** EXERCISE DIRECTIONS **
Copy exactly the line that contains "From mathcomp Require Import all_boot." plus all remaining lines of the data, and leave out every line before it.

** RECORDED DATA **

(* Let $k,n$ be integers with $k\geq 5$ and $n\geq 4$, and let $c$ be an exact $k$-coloring of $\mathcal{B}_n$ with $c(\emptyset)\neq c([n])$. Then $\mathcal{B}_n$ contains no rainbow induced copy of $\mathcal{B}_2$ if and only if $k=5$ and $c$ is of Type 1.
   Context: $\mathcal{B}_n$ is the Boolean lattice of subsets of $[n]$ under inclusion. For $X\subseteq Y$: $\mathcal{B}_{[X,Y]}=\{Z:X\subseteq Z\subseteq Y\}$, and $\mathcal{B}_{(X,Y)}$, $\mathcal{B}_{(X,Y]}$, $\mathcal{B}_{[X,Y)}$ are defined analogously with strict inclusions at the open ends. An exact $k$-coloring is a surjective map $c:\mathcal{B}_n\to[k]$. A rainbow induced copy of $\mathcal{B}_2$ is four sets $W_1,W_2,W_3,W_4$ with $W_1\subsetneq W_2\subsetneq W_4$, $W_1\subsetneq W_3\subsetneq W_4$, $W_2,W_3$ incomparable, and $c(W_1),\dots,c(W_4)$ pairwise distinct. ''Families $\mathcal{F}_1,\dots,\mathcal{F}_r$ are monochromatically colored with distinct colors'' means each $\mathcal{F}_i$ is monochromatic and no two sets from different families share a color. The coloring $c$ is of Type 1 if there exist $X_0,Y_0$ with $\emptyset\subsetneq X_0\subsetneq Y_0\subsetneq[n]$ and $|Y_0|\geq|X_0|+2$ such that the families $\mathcal{B}_{[\emptyset,Y_0]}\setminus\mathcal{B}_{[X_0,Y_0]}$, $\{X_0\}$, $\mathcal{B}_{(X_0,Y_0)}$, $\{Y_0\}$, $\mathcal{B}_{[X_0,[n]]}\setminus\mathcal{B}_{[X_0,Y_0]}$ are monochromatically colored with distinct colors, and each set in $\mathcal{B}_n\setminus(\mathcal{B}_{[\emptyset,Y_0]}\cup\mathcal{B}_{[X_0,[n]]})$ has the same color as the sets of the first or of the last of these families. *)

From mathcomp Require Import all_boot.
Set Implicit Arguments. Unset Strict Implicit. Unset Printing Implicit Defensive.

** RESULT OF THIS TASK **
From mathcomp Require Import all_boot.
Set Implicit Arguments. Unset Strict Implicit. Unset Printing Implicit Defensive.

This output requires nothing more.